End SpectralRadius.

Lemma diagv_mulmxE (R : rcfType) m n (d : 'I_m -> R) (M : 'M[R]_(m, n)) i j :
  (diagv d *m M) i j = d i * M i j.
Proof. by rewrite /diagv mul_diag_mx !mxE. Qed.

(* Look at a largest entry of [u]. *)
Lemma subeigenvalue_le1 (R : rcfType) n (B : 'M[R]_n) (u : 'cV[R]_n) r i1 :
  nonneg_mx B -> (forall i, \sum_j B i j <= 1) -> nonneg_mx u -> 0 < u i1 0 ->
  (forall i, r * u i 0 <= (B *m u) i 0) -> r <= 1.
Proof.
move=> B_nn Bsum u_nn ui1 hu.
have [im _ umax] := @arg_maxP _ _ _ i1 xpredT (fun i => u i 0) isT.
have uim : 0 < u im 0 by apply: lt_le_trans ui1 (umax _ isT).
rewrite -(ler_pM2r uim) mul1r (le_trans (hu im)) // mxE.
apply: le_trans (_ : \sum_j B im j * u im 0 <= _).
  by apply: ler_sum => j _; apply: ler_wpM2l => //; apply: umax.
by rewrite -mulr_suml ler_piMl ?Bsum // ltW.
Qed.

(* The bottom entries read [lam (beta + r (1 - beta)) (W u) - r^2 u], which is
   at least [r u beta (1 - r)] once [r u <= lam (W u)] is used. *)
Lemma companion_lift_subeigenvector (R : rcfType) n (lam beta : 'I_n -> R)
    (W : 'M[R]_n) (u : 'cV[R]_n) r :
  (forall i, 0 <= beta i <= 1) -> 0 <= r <= 1 -> nonneg_mx u ->
  (forall i, r * u i 0 <= (diagv lam *m W *m u) i 0) ->
  let x := col_mx u (r *: u) in
  nonneg_mx (block_mx 0 1%:M (diagv lam *m (diagv beta *m W))
               (diagv lam *m (diagv (fun i => 1 - beta i) *m W)) *m x - r *: x).
Proof.
move=> hbeta /andP[r_ge0 r_le1] u_nn hu /=.
rewrite mul_block_col scale_col_mx opp_col_mx add_col_mx mul0mx mul1mx add0r subrr.
apply/nonneg_col_mxP; split=> i j; first by rewrite mxE.
have := hu i; rewrite (ord1 j) -!mulmxA -scalemxAr /diagv !mul_diag_mx.
move: (W *m u) => Wu; rewrite !mxE.
have := hbeta i; have := u_nn i 0.
move: (u i 0) (beta i) (lam i) (Wu i 0) => a b l d a_ge0 /andP[b_ge0 b_le1] lift.
have k1 : 0 <= (l * d - r * a) * (b + r * (1 - b)).
  by apply: mulr_ge0; rewrite ?subr_ge0 // addr_ge0 // mulr_ge0 // subr_ge0.
have k2 : 0 <= r * a * b * (1 - r) by rewrite !mulr_ge0 // subr_ge0.
nra.
Qed.
(* For every integer $m\ge 4$, $$\lambda(C_3(T_{m-2,2}))<\frac{m-2}{2}+\frac{32}{(m-3)^2}+\frac{16}{m-3}.$$
   Context: $\lambda(G)$ denotes the spectral radius of the adjacency matrix of $G$. $T_{p,2}$ is the complete bipartite graph on $p$ vertices with parts of sizes $\lfloor p/2\rfloor$ and $\lceil p/2\rceil$. $C_3(T_{m-2,2})$ is the $m$-vertex graph obtained by identifying one vertex of a triangle with one vertex of $T_{m-2,2}$ lying in the part of size $\lfloor (m-2)/2\rfloor$. *)

From HB Require Import structures.
From mathcomp Require Import all_boot all_order all_algebra.
From mathcomp Require Import classical_sets reals.
Set Implicit Arguments. Unset Strict Implicit. Unset Printing Implicit Defensive.
Import Order.TTheory GRing.Theory Num.Theory.
Local Open Scope ring_scope.
Local Open Scope classical_set_scope.

Definition adj_mx (R : realType) (n : nat) (e : rel 'I_n) : 'M[R]_n :=
  \matrix_(i < n, j < n) (e i j)%:R.

(* Spectral radius: largest modulus of an eigenvalue.  For a real symmetric
   matrix (adjacency matrices of simple graphs) all eigenvalues are real,
   so real eigenvalues suffice. *)
Definition spectral_radius (R : realType) (n : nat) (A : 'M[R]_n) : R :=
  sup [set x : R | exists mu : R, eigenvalue A mu /\ x = `|mu|].

(* The graph C_3(T_{m-2,2}) on vertices 0..m-1:
   with p = m-2 and a = floor(p/2),
   - vertices 0..a-1 form the part of size floor(p/2) of T_{p,2},
   - vertices a..p-1 form the part of size ceil(p/2),
   - vertices p and p+1 together with vertex 0 form the triangle
     (vertex 0 of the small part is identified with a triangle vertex). *)
Definition C3T_rel (m : nat) (i j : nat) : bool :=
  let p := (m - 2)%N in
  let a := p./2 in
  [|| [&& (i < p)%N, (j < p)%N & ((i < a)%N != (j < a)%N)],
      (i == 0%N) && ((j == p) || (j == p.+1)),
      (j == 0%N) && ((i == p) || (i == p.+1)),
      (i == p) && (j == p.+1) | (i == p.+1) && (j == p)].

Definition C3T (m : nat) : rel 'I_m := fun i j => C3T_rel m i j.
Arguments C3T m i j : clear implicits.

From HB Require Import structures.
From mathcomp Require Import all_boot all_order all_algebra.
From mathcomp Require Import classical_sets reals.
From mathcomp Require Import boolp zify ring lra.
Set Implicit Arguments. Unset Strict Implicit. Unset Printing Implicit Defensive.
Import Order.TTheory GRing.Theory Num.Theory.
Local Open Scope ring_scope.

(* A positive vector [w] with [w^T A <= L w^T] bounds every eigenvalue of a
   nonnegative matrix [A] by [L] (Collatz–Wielandt).  For C_3(T_{p,2}),
   p = m - 2 and a = floor(p/2), such a vector with L = p/2 + 16/(p-1) is
   obtained by weighting the identified vertex 1 + 8/p, the larger part
   (a + 8/p)/L and every other vertex 1; checking [w^T A <= L w^T] then
   reduces to three polynomial inequalities in p and a.  The bound of the
   theorem exceeds L by 32/(p-1)^2 > 0. *)

Section CollatzWielandt.

Variables (R : realFieldType) (n : nat) (A : 'M[R]_n) (w : 'I_n -> R) (L : R).
Hypotheses (A_ge0 : forall i j, 0 <= A i j) (w_gt0 : forall i, 0 < w i).
Hypothesis wA_le : forall j, \sum_i A i j * w i <= L * w j.

Lemma eigenvalue_norm_le mu : eigenvalue A mu -> `|mu| <= L.
Proof.
case/eigenvalueP => v vA_mu v_neq0.
have /existsP[i0 vi0_neq0] : [exists i, v 0 i != 0].
  apply: contraR v_neq0 => /existsPn v0; apply/eqP/rowP => i.
  by rewrite mxE; apply/eqP/negPn.
pose F i := `|v 0 i| / w i.
case: (@Order.TotalTheory.arg_maxP _ _ _ i0 xpredT F isT) => j _ Fj_max.
set t := F j in Fj_max.
have v_le i : `|v 0 i| <= t * w i by rewrite -ler_pdivrMr //; exact: Fj_max.
have t_gt0 : 0 < t.
  by apply: lt_le_trans (Fj_max i0 isT); rewrite divr_gt0 ?normr_gt0.
have vj : `|v 0 j| = t * w j by rewrite /t /F divfK // gt_eqF.
have mu_vj : mu * v 0 j = \sum_i v 0 i * A i j.
  by have := congr1 (fun M : 'rV_n => M 0 j) vA_mu; rewrite !mxE => <-.
rewrite -(ler_pM2r (_ : 0 < `|v 0 j|)); last by rewrite vj mulr_gt0.
rewrite -normrM mu_vj vj mulrCA; apply: le_trans (ler_norm_sum _ _ _) _.
apply: le_trans (ler_wpM2l (ltW t_gt0) (wA_le j)).
rewrite mulr_sumr; apply: ler_sum => i _.
by rewrite normrM (ger0_norm (A_ge0 i j)) mulrCA mulrC ler_wpM2l.
Qed.

End CollatzWielandt.

Lemma spectral_radius_le (R : realType) (n : nat) (A : 'M[R]_n) (L : R) :
  0 <= L -> (forall mu, eigenvalue A mu -> `|mu| <= L) -> spectral_radius A <= L.
Proof.
move=> L_ge0 eig_le; rewrite /spectral_radius.
set S := (X in sup X).
have [[x Sx]|S0] := pselect (S !=set0)%classic.
  by apply: ge_sup; [exists x | move=> _ [mu [/eig_le ? ->]]].
suff -> : S = set0 by rewrite sup0.
by apply/seteqP; split => x // Sx; apply: S0; exists x.
Qed.

Definition c3t_weight {R : comNzRingType} (p : nat) (alpha beta : R) (i : nat) : R :=
  if i == 0%N then alpha else if (i < p./2)%N then 1 else if (i < p)%N then beta else 1.

Ltac decide_nat_tests :=
  repeat match goal with
  | |- context [leq ?x ?y] =>
      first [ rewrite (_ : leq x y = true); [|by lia]
            | rewrite (_ : leq x y = false); [|by apply/negbTE; lia] ]
  | |- context [@eq_op ?T ?x ?y] =>
      first [ rewrite (_ : @eq_op T x y = true); [|by lia]
            | rewrite (_ : @eq_op T x y = false); [|by apply/negbTE; lia] ]
  end.

Lemma c3t_weighted_colsum (R : comNzRingType) (p : nat) (alpha beta : R) (j : nat) :
  (2 <= p)%N -> (j < p.+2)%N ->
  \sum_(0 <= i < p.+2) (C3T_rel p.+2 i j)%:R * c3t_weight p alpha beta i =
  if j == 0%N then (p - p./2)%:R * beta + 2
  else if (j < p./2)%N then (p - p./2)%:R * beta
  else if (j < p)%N then alpha + (p./2 - 1)%:R
  else alpha + 1.
Proof.
move=> p_ge2 j_lt.
have [a_ge1 a_lt] : (1 <= p./2)%N /\ (p./2 < p)%N by lia.
rewrite /C3T_rel /c3t_weight (_ : (p.+2 - 2 = p)%N); last by lia.
set a := p./2 in a_ge1 a_lt *.
rewrite (@big_cat_nat _ _ _ p) ?(@big_cat_nat _ _ _ a 0%N p) ?(@big_cat_nat _ _ _ 1%N 0%N a) //; try lia.
rewrite (@big_ltn _ _ _ p) // (@big_ltn _ _ _ p.+1) // (@big_geq _ _ _ p.+2) //.
have [->|[j_small|[j_big|[->|->]]]] :
  (j = 0 \/ (1 <= j < a) \/ (a <= j < p) \/ j = p \/ j = p.+1)%N by lia.
all: do 3 (under eq_big_nat => i /andP[? ?] do decide_nat_tests; rewrite sumr_const_nat).
all: by decide_nat_tests; rewrite /= subn0 ?mulr_natl ?mul0r ?mul1r; ring.
Qed.

Lemma c3t_bound_inequalities (R : realFieldType) (P a d e : R) :
  2 <= P -> 2 * a <= P -> P <= 2 * a + 1 -> 1 <= a ->
  d * P = 8 -> e * (P - 1) = 16 -> 0 < d -> 0 < e ->
  [/\ (P - a) * (a + d) <= (P / 2 + e) ^+ 2,
      (P - a) * (a + d) + 2 * (P / 2 + e) <= (P / 2 + e) ^+ 2 * (1 + d)
    & 2 + d <= P / 2 + e].
Proof.
move=> P_ge2 a_le a_ge a_ge1 dP eP d_gt0 e_gt0; set L := P / 2 + e.
have amgm : (P - a) * a <= P ^+ 2 / 4 by nra.
have Pad_le : (P - a) * d <= 6 by nra.
have Pe : P * e = 16 + e by nra.
have L2E : L ^+ 2 = P ^+ 2 / 4 + P * e + e ^+ 2 by rewrite /L; field.
have P2d : P ^+ 2 / 4 * d = 2 * P.
  by rewrite (_ : P ^+ 2 / 4 * d = P * (d * P) / 4) ; [rewrite dP|]; field.
split.
- by rewrite L2E; nra.
- have : L ^+ 2 + 2 * P <= L ^+ 2 * (1 + d).
    rewrite mulrDr mulr1 lerD2l -P2d.
    by apply: ler_pM; [nra | lra | rewrite L2E; nra | lra].
  by rewrite L2E; nra.
- rewrite /L; have [P4|P4] := lerP 4 P; nra.
Qed.

Section C3TWeight.

Variables (R : realType) (p : nat).
Hypothesis p_ge2 : (2 <= p)%N.

Local Notation P := (p%:R : R).
Local Notation d := (8 / P).
Local Notation L := (P / 2 + 16 / (P - 1)).
Local Notation alpha := (1 + d).
Local Notation beta := ((p./2%:R + d) / L).

Let P_gt1 : 1 < P. Proof. by rewrite (ltr_nat R 1 p). Qed.
Let P_gt0 : 0 < P. Proof. exact: lt_trans ltr01 P_gt1. Qed.
Let d_gt0 : 0 < d. Proof. by rewrite divr_gt0. Qed.

Lemma c3t_bound_gt0 : 0 < L.
Proof. by rewrite addr_gt0 ?divr_gt0 ?subr_gt0. Qed.

Lemma c3t_weight_gt0 i : 0 < c3t_weight p alpha beta i.
Proof.
have beta_gt0 : 0 < beta by rewrite divr_gt0 ?c3t_bound_gt0 // ltr_wpDl.
by rewrite /c3t_weight; do !case: ifP => _ //; rewrite addr_gt0.
Qed.

Lemma c3t_weighted_colsum_le (j : 'I_p.+2) :
  \sum_i adj_mx R (C3T p.+2) i j * c3t_weight p alpha beta i
    <= L * c3t_weight p alpha beta j.
Proof.
under eq_bigr do rewrite mxE.
rewrite -(big_mkord xpredT (fun i => (C3T_rel p.+2 i j)%:R * c3t_weight p alpha beta i)).
rewrite c3t_weighted_colsum // /c3t_weight.
have [a_ge1 a_le] : (1 <= p./2)%N /\ (p./2 <= p)%N by lia.
have [a_half a_half1] : 2 * (p./2)%:R <= P /\ P <= 2 * (p./2)%:R + 1.
  by rewrite -natrM natr1 !ler_nat; split; lia.
set a := p./2 in a_ge1 a_le a_half a_half1 *.
have P_ge2 : 2 <= P by rewrite (ler_nat R 2 p).
have a_ge1R : 1 <= a%:R :> R by rewrite ler1n.
have P1_gt0 : 0 < P - 1 by rewrite subr_gt0.
have e_gt0 : 0 < 16 / (P - 1) by rewrite divr_gt0.
have [I1 I2 I3] := c3t_bound_inequalities P_ge2 a_half a_half1
  a_ge1R (divfK (lt0r_neq0 P_gt0) _) (divfK (lt0r_neq0 P1_gt0) _)
  d_gt0 e_gt0.
rewrite !natrB //.
have L_gt0 := c3t_bound_gt0.
have L_neq0 := lt0r_neq0 L_gt0.
have L_beta : L * ((a%:R + d) / L) = a%:R + d by rewrite mulrC divfK.
have small_col : (P - a%:R) * ((a%:R + d) / L) <= L.
  by rewrite mulrA ler_pdivrMr // -expr2.
have root_col : (P - a%:R) * ((a%:R + d) / L) + 2 <= L * (1 + d).
  by rewrite -(ler_pM2r L_gt0) mulrAC -expr2 mulrDl -mulrA divfK // [2 * _]mulrC.
by do ![case: ifP => _]; rewrite ?mulr1 ?L_beta //; lra.
Qed.

End C3TWeight.

Theorem lemmaA3 (R : realType) (m : nat) : (4 <= m)%N ->
  spectral_radius (adj_mx R (C3T m)) <
    (m%:R - 2) / 2 + 32 / (m%:R - 3) ^+ 2 + 16 / (m%:R - 3).
Proof.
move=> m_ge4; have [p -> p_ge2] : exists2 p, m = p.+2 & (2 <= p)%N.
  by exists (m - 2)%N; lia.
have P_gt1 : 1 < p%:R :> R by rewrite ltr1n.
have adj_ge0 i j : 0 <= adj_mx R (C3T p.+2) i j by rewrite mxE ler0n.
apply: le_lt_trans (spectral_radius_le (ltW (c3t_bound_gt0 R p_ge2)) _) _.
  exact: eigenvalue_norm_le adj_ge0
    (fun i : 'I_p.+2 => c3t_weight_gt0 R p_ge2 i) (c3t_weighted_colsum_le R p_ge2).
have -> : p.+2%:R = p%:R + 2 :> R by rewrite -addn2 natrD.
rewrite addrK (_ : p%:R + 2 - 3 = p%:R - 1 :> R); last by ring.
by rewrite addrAC ltrDl divr_gt0 // exprn_gt0 // subr_gt0.
Qed.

_ _ _

What you should do: Return exactly the lines above from the line that has "Local Notation L := (P / 2 + 16 / (P - 1))." through the line that has "Let d_gt0 : 0", inclusive, and nothing else.

Finished task:
Local Notation L := (P / 2 + 16 / (P - 1)).
Local Notation alpha := (1 + d).
Local Notation beta := ((p./2%:R + d) / L).

Let P_gt1 : 1 < P. Proof. by rewrite (ltr_nat R 1 p). Qed.
Let P_gt0 : 0 < P. Proof. exact: lt_trans ltr01 P_gt1. Qed.
Let d_gt0 : 0 < d. Proof. by rewrite divr_gt0. Qed.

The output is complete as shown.